3. What are the most important predictors for how many shots Kobe made in a game?

> **Note:** If you only fit the lasso within `cross_val_score`, you'll have to refit it outside of that function to pull out the coefficients.

In [28]:
# A:
#9.1
#create data frame of predictors
lassocv_coef_df = pd.DataFrame(X.columns)
lassocv_coef_df.columns = ['predictor_name']
#add predictor coefficients as column
lassocv_coef_df['predictor_coefficients'] = abs(lassocv.coef_)
lassocv_coef = lassocv.coef_
lassocv_coef_df.sort_values('predictor_coefficients',ascending=False).head()

Unnamed: 0,predictor_name,predictor_coefficients
579,COMBINED_SHOT_TYPE:jump_shot,1.217244
574,SHOT_TYPE:2pt_field_goal,0.916124
566,SHOT_ZONE_BASIC:restricted_area,0.360201
577,COMBINED_SHOT_TYPE:dunk,0.29432
611,ACTION_TYPE:jump_shot,0.273077


In [30]:
#9.2
print('The percent of the variables in the original data set are "zeroed-out" is ',len(lassocv_coef[lassocv_coef==0])/len(lassocv_coef))

The percent of the variables in the original data set are "zeroed-out" is  0.8478260869565217


In [31]:
#9.3
print('The most important predictors are \n')
lassocv_coef_df[(lassocv_coef_df['predictor_coefficients'] != 0)][['predictor_name']].head()

The most important predictors are 



Unnamed: 0,predictor_name
0,AWAY_GAME
25,SEASON_OPPONENT:bos:2001-02
30,SEASON_OPPONENT:bos:2006-07
38,SEASON_OPPONENT:bos:2015-16
92,SEASON_OPPONENT:cle:2015-16


---

### 10) Find an optimal value for elastic net regression alpha using `ElasticNetCV`.

Go to the documentation and [read how ElasticNetCV works](http://scikit-learn.org/stable/modules/generated/sklearn.linear_model.ElasticNetCV.html).

Note that here you'll be optimizing both the alpha parameter and the l1_ratio:
- `alpha`: Strength of regularization.
- `l1_ratio`: Amount of ridge vs. lasso (0 = all ridge, 1 = all lasso).
    
Do not include 0 in the search for `l1_ratio` — it won't allow it and will break.

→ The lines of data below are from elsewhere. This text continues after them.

Definition star (x : 'I_n) (L : {set 'I_n}) : {set V} :=
  [set v : V | (x \in val v) && (val v \subset x |: L)].

Section Star.
Variable x : 'I_n.

Lemma starP (L : {set 'I_n}) (v : V) : x \notin L ->
  reflect (exists2 y, y \in L & val v = [set x; y]) (v \in star x L).
Proof.
move=> xL; rewrite inE; apply: (iffP andP) => [[/kv_other [y yx vE] vL]|[y yL ->]].
  exists y => //; have /(subsetP vL) : y \in val v by rewrite vE !inE eqxx orbT.
  by rewrite !inE (negbTE yx).
by rewrite !inE eqxx subUset !sub1set !inE eqxx yL orbT.
Qed.

Lemma star_pair (L : {set 'I_n}) y : x \notin L -> y \in L ->
  exists2 v : V, v \in star x L & val v = [set x; y].
Proof.
move=> xL yL; have [|v vE] := kv_of_pair (a := x) (b := y).
  by apply: contraNneq xL => ->.
by exists v => //; apply/(starP _ xL); exists y.
Qed.

Lemma card_star (L : {set 'I_n}) : x \notin L -> #|star x L| = #|L|.
Proof.
move=> xL; have inj : {in L &, injective (fun y => [set x; y])}.
  by move=> y1 y2 y1L _; apply: set2_inj; apply: contraNneq xL => <-.
rewrite -(card_imset _ val_inj) -(card_in_imset inj); apply: eq_card => A.
apply/imsetP/imsetP => [[v /starP [//|y yL ->] ->]|[y yL ->]]; first by exists y.
by have [v vS vE] := star_pair xL yL; exists v.
Qed.

Lemma star_stable (L : {set 'I_n}) : stable adj (star x L).
Proof.
apply/stableP => a b; rewrite !inE => /andP[xa _] /andP[xb _].
by apply/disjointNP; exists x.
Qed.

Lemma star_gp (L : {set 'I_n}) : gp_set adj (star x L).
Proof.
apply: kneser_gp_nbr_uniq => a b c aS bS _ eab.
by have /negP := stableP _ _ (star_stable L) a b aS bS.
Qed.

Lemma star_D1 (L : {set 'I_n}) (u : V) d : x \notin L -> d \in L -> val u = [set x; d] ->
  star x L :\ u = star x (L :\ d).
Proof.
move=> xL dL uE; have xLd : x \notin L :\ d by rewrite !inE negb_and xL orbT.
apply/setP => v; apply/setD1P/(starP _ xLd) => [[vu /(starP _ xL) [y yL vE]]|[y]].
  exists y; rewrite // !inE yL andbT; apply: contraNneq vu => yd.
  by apply/eqP/val_inj; rewrite vE uE yd.
move=> /setD1P[yd yL] vE; split; last by apply/(starP _ xL); exists y.
apply: contraNneq yd => vu; apply/eqP/(set2_inj (x := x)); first by apply: contraNneq xL => <-.
by rewrite -vE -uE vu.
Qed.

(* The only edge of the new configuration joins [w] to the star vertex whose
   leaf is the point of [L] outside {b, c, d}. *)
Lemma star_paw (L : {set 'I_n}) (u w : V) b c d : x \notin L -> #|L| = 4 ->
  b \in L -> c \in L -> d \in L -> b != c -> b != d -> c != d ->
  val u = [set x; d] -> val w = [set b; c] ->
  legal_move adj (star x L) (w |: star x (L :\ d)).
Proof.
move=> xL cardL bL cL dL bc bd cd uE wE.
have xw : x \notin val w by rewrite wE !inE; apply/norP; split; apply: contraNneq xL => ->.
have xLd : x \notin L :\ d by rewrite !inE negb_and xL orbT.
have leaf a : a \in star x (L :\ d) -> adj a w ->
    exists2 y, y \in L :\ d :\ b :\ c & val a = [set x; y].
  case/(starP _ xLd) => y yLd aE /disjointP/(_ y); rewrite aE wE !inE eqxx orbT => /(_ isT).
  by rewrite negb_or => /andP[yb yc]; exists y; rewrite // 2!in_setD1 yb yc.
have leaf_uniq : #|L :\ d :\ b :\ c| <= 1.
  move: cardL; rewrite (cardsD1 d) (cardsD1 b (L :\ d)) (cardsD1 c (L :\ d :\ b)).
  by rewrite !inE dL bL cL bd cd (eq_sym c b) bc !add1n => -[->].
have nonadj a1 b1 : a1 \in star x (L :\ d) -> b1 \in star x (L :\ d) -> adj a1 b1 = false.
  by move=> a1S b1S; apply/negbTE; exact: (stableP _ _ (star_stable _) _ _ a1S b1S).
exists u, w; split.
- by apply/(starP _ xL); exists d.
- by rewrite inE negb_and xw.
- rewrite /kneser_adj uE; apply/disjointP => z; rewrite !inE wE.
  case/orP=> /eqP->; first by rewrite -wE.
  by rewrite !inE negb_or (eq_sym d b) bd (eq_sym d c) cd.
- by rewrite (star_D1 xL dL uE).
apply: kneser_gp_nbr_uniq => a1 b1 c1.
move=> /setU1P[->|a1S] /setU1P[->|b1S]; rewrite ?kneser_adj_irr //.
- by case/setU1P=> [->|c1S] // _; rewrite nonadj.
- case/setU1P=> [->|c1S]; first by move=> _; rewrite kneser_adj_irr.
  move=> a1w; rewrite kneser_adj_sym => c1w.
  have [ya ya_leaf aE] := leaf a1 a1S a1w; have [yc yc_leaf cE] := leaf c1 c1S c1w.
  by apply: val_inj; rewrite aE cE (card_le1_eqP leaf_uniq ya yc).
- by move=> _; rewrite nonadj.
Qed.

Lemma leaves_swap (L : {set 'I_n}) d f : x \notin L -> #|L| = 4 -> d \in L -> f \notin x |: L ->
  x \notin f |: L :\ d /\ #|f |: L :\ d| = 4.
Proof.
move=> xL cardL dL; rewrite in_setU1 negb_or => /andP[fx fL].
rewrite !inE negb_or negb_and xL eq_sym fx orbT; split=> //.
by rewrite cardsU1 !inE negb_and fL orbT; move: cardL; rewrite (cardsD1 d) dL.
Qed.

Lemma star_swap (L : {set 'I_n}) d f : x \notin L -> #|L| = 4 -> d \in L -> f \notin x |: L ->
  reachable adj (star x L) (star x (f |: L :\ d)).
Proof.
move=> xL cardL dL fxL; have [xL' cardL'] := leaves_swap xL cardL dL fxL.
move: fxL; rewrite in_setU1 negb_or => /andP[fx fL].
have /card_gt1P [b [c [bLd cLd bc]]] : 1 < #|L :\ d|.
  by move: cardL; rewrite (cardsD1 d) dL add1n => -[->].
move: bLd cLd; rewrite !in_setD1 => /andP[bd bL] /andP[cd cL].
have bf : b != f by apply: contraNneq fL => <-.
have cf : c != f by apply: contraNneq fL => <-.
have xd : x != d by apply: contraNneq xL => ->.
have xf : x != f by rewrite eq_sym.
have [u uE] := kv_of_pair xd; have [u' u'E] := kv_of_pair xf; have [w wE] := kv_of_pair bc.
have m := star_paw xL cardL bL cL dL bc bd cd uE wE.
have bL' : b \in f |: L :\ d by rewrite !inE bd bL orbT.
have cL' : c \in f |: L :\ d by rewrite !inE cd cL orbT.
have m' := star_paw xL' cardL' bL' cL' (setU11 f _) bc bf cf u'E wE.
rewrite setU1K ?inE ?negb_and ?fL ?orbT // in m'.
have m'' := legal_move_sym kneser_adj_sym (@star_gp _) m'.
exact: rt_trans (rt_step _ _ _ _ m) (rt_step _ _ _ _ m'').
Qed.

Lemma star_reaches_leaves (L P : {set 'I_n}) : x \notin L -> #|L| = 4 -> x \notin P -> #|P| <= 4 ->
  exists L' : {set 'I_n},
    [/\ x \notin L', #|L'| = 4, P \subset L' & reachable adj (star x L) (star x L')].
Proof.
move=> + + xP P4; have [m] := ubnP #|P :\: L|; elim: m L => // m IH L PLm xL cardL.
have [PL|/subsetPn [f fP fL]] := boolP (P \subset L); first by exists L; split=> //; apply: rt_refl.
have /card_gt0P [d] : 0 < #|L :\: P|.
  have : #|L :&: P| <= #|P :\ f|.
    apply/subset_leq_card/subsetP => z; rewrite !inE => /andP[zL ->].
    by rewrite andbT; apply: contraNneq fL => <-.
  by move: (cardsID P L) P4; rewrite cardL (cardsD1 f P) fP; lia.
rewrite inE => /andP[dP dL].
have fxL : f \notin x |: L by rewrite in_setU1 negb_or fL andbT; apply: contraNneq xP => <-.
have [xL' cardL'] := leaves_swap xL cardL dL fxL.
have [|L' [xL'' cardL'' PL' reach]] := IH (f |: L :\ d) _ xL' cardL'.
  have : P :\: (f |: L :\ d) \subset (P :\: L) :\ f.
    apply/subsetP => z; rewrite !inE negb_or negb_and negbK.
    case/andP=> /andP[zf /orP[/eqP zd|zL]] zP; last by rewrite zf zL zP.
    by move: dP; rewrite -zd zP.
  move/subset_leq_card; move: PLm; rewrite (cardsD1 f (P :\: L)) !inE fP fL /=; lia.
by exists L'; split=> //; apply: rt_trans (star_swap xL cardL dL fxL) reach.
Qed.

You can use `n_alphas` for the alpha parameters instead of setting your own values, which we highly recommend.

Also, be careful setting too many l1_ratios over cross-validation folds in your search. It can take a long time if you choose too many combinations and, for the most part, there are diminishing returns in this data.

In [32]:
# A:
# Build ElasticNetCV regression model 
elastic_netcv = ElasticNetCV(cv=5, random_state=1,l1_ratio=[.3,.6,.9],alphas=np.linspace(0.01, .99, 100),tol=0.2)
lr_elastic_netcv = elastic_netcv.fit(Xs_train,y_train)
print('The optimal value for elastic net regression alpha is ',elastic_netcv.alpha_)

The optimal value for elastic net regression alpha is  0.09909090909090908


---

### 11) Cross-validate the elastic net $R^2$ with the optimal alpha and l1_ratio.

How does it compare to the ridge and lasso regularized regressions?

In [33]:
# A:
# Perform 5-fold cross validation
scores = cross_val_score(lr_elastic_netcv, Xs_train, y_train, cv=5)
print("Cross-validated scores:", scores)
print("Mean cross-validated scores:", scores.mean())

Cross-validated scores: [0.63895139 0.66060063 0.63241056 0.65975473 0.64980404]
Mean cross-validated scores: 0.6483042717963627


<b style="color:blue;">Answer: </b> The elastic net produce the score which is higher than the previous models but it is not huge difference.